TASK ITEM: Look through the records below for the line with "cosh^2 = 1 +" and the line with "(* Using [cosh", then return those lines and all lines between, exactly.

Top of SUPPLIED RECORDS

(* For all $u\in C_c^\infty(0,\infty)$, $$\int_0^\infty\frac{u'(r)^2}{\sinh^2r}dr\ge\frac94\int_0^\infty\frac{u(r)^2}{\sinh^4r}dr+\int_0^\infty\frac{u(r)^2}{\sinh^2r}dr.$$ *)

From Stdlib Require Import Reals.
From Coquelicot Require Import Coquelicot.
Open Scope R_scope.

(* u is C^infinity on R (we consider functions on (0,oo) extended by zero). *)
Definition smooth (u : R -> R) : Prop := forall (n : nat) (x : R), ex_derive_n u n x.

Definition compact_support_pos (u : R -> R) : Prop :=
  exists a b : R, 0 < a /\ a <= b /\ forall x, (x < a \/ b < x) -> u x = 0.

Definition integral_0_oo (f : R -> R) : R :=
  RInt_gen f (at_right 0) (Rbar_locally p_infty).

(* Calibration with the weight w = (3 cosh r - sinh r) / (2 sinh^3 r): pointwise,
   u'^2/sinh^2 - 9/4 u^2/sinh^4 - u^2/sinh^2 - (w u^2)' is a sum of squares once
   cosh^2 = 1 + sinh^2 is used, and (w u^2)' integrates to zero because u has compact
   support in (0, oo). *)

From Stdlib Require Import Reals Lra.
From Coquelicot Require Import Coquelicot.
Open Scope R_scope.

Definition hardy_weight (r : R) : R := (3 * cosh r - sinh r) / (2 * sinh r ^ 3).

Definition hardy_weight' (r : R) : R :=
  (3 * sinh r ^ 2 + 2 * sinh r * cosh r - 9 * cosh r ^ 2) / (2 * sinh r ^ 4).

Lemma sinh_gt0 (r : R) : 0 < r -> 0 < sinh r.
Proof. intro Hr; rewrite <- sinh_0; now apply sinh_lt. Qed.

Lemma cosh_sqr (r : R) : cosh r ^ 2 = 1 + sinh r ^ 2.
Proof.
  assert (Hexp : exp r * exp (- r) = 1) by (rewrite <- exp_plus, Rplus_opp_r; apply exp_0).
  unfold cosh, sinh; nra.
Qed.

Lemma sinh_le_cosh (r : R) : sinh r <= cosh r.
Proof. unfold cosh, sinh; pose proof (exp_pos (- r)); lra. Qed.

Lemma is_derive_hardy_weight (r : R) : 0 < r ->
  is_derive hardy_weight r (hardy_weight' r).
Proof.
  intro Hr; pose proof (sinh_gt0 r Hr) as Hs.
  unfold hardy_weight, hardy_weight'.
  auto_derive; [change (2 * sinh r ^ 3 <> 0); pose proof (pow_lt _ 3 Hs); lra | field; lra].
Qed.

Lemma is_derive_hardy_weight_sqr (u : R -> R) (r : R) : 0 < r -> ex_derive u r ->
  is_derive (fun x => hardy_weight x * u x ^ 2) r
    (hardy_weight' r * u r ^ 2 + hardy_weight r * (2 * u r * Derive u r)).
Proof.
  intros Hr Hu.
  apply (is_derive_mult hardy_weight (fun x => u x ^ 2)); [| | apply Rmult_comm].
  - now apply is_derive_hardy_weight.
  - replace (2 * u r * Derive u r) with (INR 2 * Derive u r * u r ^ Init.Nat.pred 2)
      by (simpl; ring).
    now apply is_derive_pow, Derive_correct.
Qed.

(* Using [cosh r ^ 2 = 1 + sinh r ^ 2], the gap is
   [((s q - (3 c - s) p / 2) ^ 2 + s (c - s) p ^ 2 / 2) / s ^ 4] with [s = sinh r], [c = cosh r]. *)
Lemma hardy_weight_calibration (r p q : R) : 0 < r ->
  9 / 4 * (p ^ 2 / sinh r ^ 4) + p ^ 2 / sinh r ^ 2
    + (hardy_weight' r * p ^ 2 + hardy_weight r * (2 * p * q))
  <= q ^ 2 / sinh r ^ 2.
Proof.
  intro Hr.
  pose proof (sinh_gt0 r Hr) as Hs; pose proof (sinh_le_cosh r) as Hsc.
  pose proof (cosh_sqr r) as Hc2.
  unfold hardy_weight, hardy_weight'.
  set (s := sinh r) in *; set (c := cosh r) in *.
  assert (Hgap : q ^ 2 / s ^ 2 - (9 / 4 * (p ^ 2 / s ^ 4) + p ^ 2 / s ^ 2
      + ((3 * s ^ 2 + 2 * s * c - 9 * c ^ 2) / (2 * s ^ 4) * p ^ 2
         + (3 * c - s) / (2 * s ^ 3) * (2 * p * q)))
    = ((s * q - (3 * c - s) / 2 * p) ^ 2 + s * (c - s) / 2 * p ^ 2) / s ^ 4).
  { field_simplify; [| lra ..]. rewrite <- !(Rmult_comm (c ^ 2)), Hc2. field; lra. }
  assert (0 <= ((s * q - (3 * c - s) / 2 * p) ^ 2 + s * (c - s) / 2 * p ^ 2) / s ^ 4).
  { apply Rmult_le_pos; [| apply Rlt_le, Rinv_0_lt_compat, pow_lt; lra].
    pose proof (pow2_ge_0 (s * q - (3 * c - s) / 2 * p)); pose proof (pow2_ge_0 p); nra. }
  lra.
Qed.

Lemma ex_RInt_continuous_pos (f : R -> R) (c d : R) : 0 < c <= d ->
  (forall x, 0 < x -> continuous f x) -> ex_RInt f c d.
Proof.
  intros Hcd Hf; apply (ex_RInt_continuous (V := R_CompleteNormedModule)).
  intros x Hx; apply Hf; rewrite Rmin_left in Hx; lra.
Qed.

Lemma is_RInt_vanishing (f : R -> R) (c d : R) :
  (forall x, Rmin c d < x < Rmax c d -> f x = 0) -> is_RInt f c d 0.
Proof.
  intro Hf.
  apply (is_RInt_ext (fun _ => 0)); [intros x Hx; symmetry; now apply Hf |].
  pose proof (is_RInt_const (V := R_NormedModule) c d 0) as Hconst.
  change (scal (d - c) 0) with ((d - c) * 0) in Hconst.
  now rewrite Rmult_0_r in Hconst.
Qed.

Lemma Derive_vanishing_outside (u : R -> R) (a b : R) :
  (forall x, x < a \/ b < x -> u x = 0) -> forall x, x < a \/ b < x -> Derive u x = 0.
Proof.
  intros Hu x Hx; apply is_derive_unique.
  apply (is_derive_ext_loc (fun _ => 0)); [| apply (is_derive_const (V := R_NormedModule) 0)].
  apply filter_imp with (2 := open_or _ _ (open_lt a) (open_gt b) x Hx).
  intros t Ht; symmetry; now apply Hu.
Qed.

Lemma continuous_sqr_div_sinh_pow (g : R -> R) (n : nat) (x : R) : 0 < x ->
  ex_derive g x -> continuous (fun r => g r ^ 2 / sinh r ^ n) x.
Proof.
  intros Hx Hg; apply (ex_derive_continuous (V := R_NormedModule)).
  auto_derive; repeat split; [exact Hg |].
  now apply pow_nonzero, Rgt_not_eq, sinh_gt0.
Qed.

Lemma continuous_hardy_weight_sqr_derivative (u : R -> R) (x : R) : 0 < x ->
  ex_derive u x -> ex_derive (Derive u) x ->
  continuous (fun r => hardy_weight' r * u r ^ 2 + hardy_weight r * (2 * u r * Derive u r)) x.
Proof.
  intros Hx Hu Hu'; apply (ex_derive_continuous (V := R_NormedModule)).
  pose proof (pow_lt _ 3 (sinh_gt0 x Hx)); pose proof (pow_lt _ 4 (sinh_gt0 x Hx)).
  unfold hardy_weight, hardy_weight'.
  auto_derive; simpl in *; repeat split; auto; lra.
Qed.

Lemma integral_0_oo_supported (f : R -> R) (a b : R) : 0 < a -> a <= b ->
  (forall x, 0 < x -> continuous f x) -> (forall x, x < a \/ b < x -> f x = 0) ->
  integral_0_oo f = RInt f a b.
Proof.
  intros Ha Hab Hcont Hf; unfold integral_0_oo.
  apply is_RInt_gen_unique; intros P HP.
  apply (Filter_prod _ _ _ (fun x => x < a) (fun y => b < y)).
  - apply filter_imp with (2 := open_lt a 0 Ha); now intros x Hx _.
  - now exists b.
  - intros x y Hx Hy; exists (RInt f a b); split; [| now apply locally_singleton].
    cbn [fst snd].
    replace (RInt f a b) with (plus zero (plus (RInt f a b) zero))
      by now rewrite plus_zero_r, plus_zero_l.
    apply (is_RInt_Chasles (V := R_CompleteNormedModule) f x a);
      [| apply (is_RInt_Chasles (V := R_CompleteNormedModule) f a b)].
    + apply is_RInt_vanishing; intros t Ht; apply Hf.
      rewrite Rmin_left, Rmax_right in Ht; lra.
    + now apply RInt_correct, ex_RInt_continuous_pos.
    + apply is_RInt_vanishing; intros t Ht; apply Hf.
      rewrite Rmin_left, Rmax_right in Ht; lra.
Qed.

Lemma integral_0_oo_sqr_div_sinh_pow (g : R -> R) (n : nat) (a b : R) : 0 < a -> a <= b ->
  (forall x, ex_derive g x) -> (forall x, x < a \/ b < x -> g x = 0) ->
  integral_0_oo (fun r => g r ^ 2 / sinh r ^ n) = RInt (fun r => g r ^ 2 / sinh r ^ n) a b.
Proof.
  intros Ha Hab Hg Hout; apply integral_0_oo_supported; [exact Ha | exact Hab | |].
  - intros x Hx; now apply continuous_sqr_div_sinh_pow.
  - intros x Hx; rewrite Hout by exact Hx; unfold Rdiv; ring.
Qed.

Lemma hardy_sinh_RInt (u : R -> R) (c d : R) : smooth u -> 0 < c <= d ->
  u c = 0 -> u d = 0 ->
  9 / 4 * RInt (fun r => u r ^ 2 / sinh r ^ 4) c d + RInt (fun r => u r ^ 2 / sinh r ^ 2) c d
  <= RInt (fun r => Derive u r ^ 2 / sinh r ^ 2) c d.
Proof.
  intros Hsmooth Hcd Huc Hud.
  assert (Hu : forall x, ex_derive u x) by (intro x; exact (Hsmooth 1%nat x)).
  assert (Hu' : forall x, ex_derive (Derive u) x) by (intro x; exact (Hsmooth 2%nat x)).
  set (W' := fun r => hardy_weight' r * u r ^ 2 + hardy_weight r * (2 * u r * Derive u r)).
  assert (Hex : forall (g : R -> R) n, (forall x, ex_derive g x) ->
    ex_RInt (fun r => g r ^ 2 / sinh r ^ n) c d).
  { intros g n Hg; apply ex_RInt_continuous_pos; [exact Hcd |].
    intros x Hx; now apply continuous_sqr_div_sinh_pow. }
  assert (HW' : is_RInt W' c d 0).
  { replace 0 with (minus (hardy_weight d * u d ^ 2) (hardy_weight c * u c ^ 2))
      by (rewrite Huc, Hud; unfold minus, plus, opp; simpl; ring).
    apply (is_RInt_derive (V := R_CompleteNormedModule) (fun r => hardy_weight r * u r ^ 2));
      intros x Hx; rewrite Rmin_left, Rmax_right in Hx by lra.
    - apply is_derive_hardy_weight_sqr; [lra | apply Hu].
    - apply continuous_hardy_weight_sqr_derivative; [lra | apply Hu | apply Hu']. }
  assert (Hsum : is_RInt (fun r => 9 / 4 * (u r ^ 2 / sinh r ^ 4) + u r ^ 2 / sinh r ^ 2 + W' r) c d
    (9 / 4 * RInt (fun r => u r ^ 2 / sinh r ^ 4) c d
     + RInt (fun r => u r ^ 2 / sinh r ^ 2) c d + 0)).
  { apply (is_RInt_plus (V := R_CompleteNormedModule)); [| exact HW'].
    apply (is_RInt_plus (V := R_CompleteNormedModule));
      [apply (is_RInt_scal (V := R_CompleteNormedModule)) |];
      apply RInt_correct, Hex, Hu. }
  rewrite <- (Rplus_0_r (_ + RInt (fun r => u r ^ 2 / sinh r ^ 2) c d)),
    <- (is_RInt_unique _ _ _ _ Hsum).
  apply RInt_le; [lra | eexists; exact Hsum | apply Hex, Hu' |].
  intros x Hx; apply hardy_weight_calibration; lra.
Qed.

Theorem lemma6p1 (u : R -> R) :
  smooth u -> compact_support_pos u ->
  integral_0_oo (fun r => (Derive u r) ^ 2 / (sinh r) ^ 2) >=
    9 / 4 * integral_0_oo (fun r => (u r) ^ 2 / (sinh r) ^ 4)
    + integral_0_oo (fun r => (u r) ^ 2 / (sinh r) ^ 2).
Proof.
  intros Hsmooth [a [b [Ha [Hab Hu]]]].
  assert (Hd : forall x, ex_derive u x) by (intro x; exact (Hsmooth 1%nat x)).
  assert (Hd' : forall x, ex_derive (Derive u) x) by (intro x; exact (Hsmooth 2%nat x)).
  assert (Ha' : 0 < a / 2) by lra.
  assert (Hab' : a / 2 <= b + 1) by lra.
  assert (Hwiden : forall g : R -> R, (forall x, x < a \/ b < x -> g x = 0) ->
    forall x, x < a / 2 \/ b + 1 < x -> g x = 0) by (intros g Hg x Hx; apply Hg; lra).
  rewrite !(integral_0_oo_sqr_div_sinh_pow u _ _ _ Ha' Hab' Hd (Hwiden u Hu)),
    (integral_0_oo_sqr_div_sinh_pow (Derive u) _ _ _ Ha' Hab' Hd'
       (Hwiden _ (Derive_vanishing_outside u a b Hu))).
  apply Rle_ge, hardy_sinh_RInt; [exact Hsmooth | lra | apply Hu; lra | apply Hu; lra].
Qed.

Bottom of SUPPLIED RECORDS

TASK SOLUTION:
   cosh^2 = 1 + sinh^2 is used, and (w u^2)' integrates to zero because u has compact
   support in (0, oo). *)

From Stdlib Require Import Reals Lra.
From Coquelicot Require Import Coquelicot.
Open Scope R_scope.

Definition hardy_weight (r : R) : R := (3 * cosh r - sinh r) / (2 * sinh r ^ 3).

Definition hardy_weight' (r : R) : R :=
  (3 * sinh r ^ 2 + 2 * sinh r * cosh r - 9 * cosh r ^ 2) / (2 * sinh r ^ 4).

Lemma sinh_gt0 (r : R) : 0 < r -> 0 < sinh r.
Proof. intro Hr; rewrite <- sinh_0; now apply sinh_lt. Qed.

Lemma cosh_sqr (r : R) : cosh r ^ 2 = 1 + sinh r ^ 2.
Proof.
  assert (Hexp : exp r * exp (- r) = 1) by (rewrite <- exp_plus, Rplus_opp_r; apply exp_0).
  unfold cosh, sinh; nra.
Qed.

Lemma sinh_le_cosh (r : R) : sinh r <= cosh r.
Proof. unfold cosh, sinh; pose proof (exp_pos (- r)); lra. Qed.

Lemma is_derive_hardy_weight (r : R) : 0 < r ->
  is_derive hardy_weight r (hardy_weight' r).
Proof.
  intro Hr; pose proof (sinh_gt0 r Hr) as Hs.
  unfold hardy_weight, hardy_weight'.
  auto_derive; [change (2 * sinh r ^ 3 <> 0); pose proof (pow_lt _ 3 Hs); lra | field; lra].
Qed.

Lemma is_derive_hardy_weight_sqr (u : R -> R) (r : R) : 0 < r -> ex_derive u r ->
  is_derive (fun x => hardy_weight x * u x ^ 2) r
    (hardy_weight' r * u r ^ 2 + hardy_weight r * (2 * u r * Derive u r)).
Proof.
  intros Hr Hu.
  apply (is_derive_mult hardy_weight (fun x => u x ^ 2)); [| | apply Rmult_comm].
  - now apply is_derive_hardy_weight.
  - replace (2 * u r * Derive u r) with (INR 2 * Derive u r * u r ^ Init.Nat.pred 2)
      by (simpl; ring).
    now apply is_derive_pow, Derive_correct.
Qed.

(* Using [cosh r ^ 2 = 1 + sinh r ^ 2], the gap is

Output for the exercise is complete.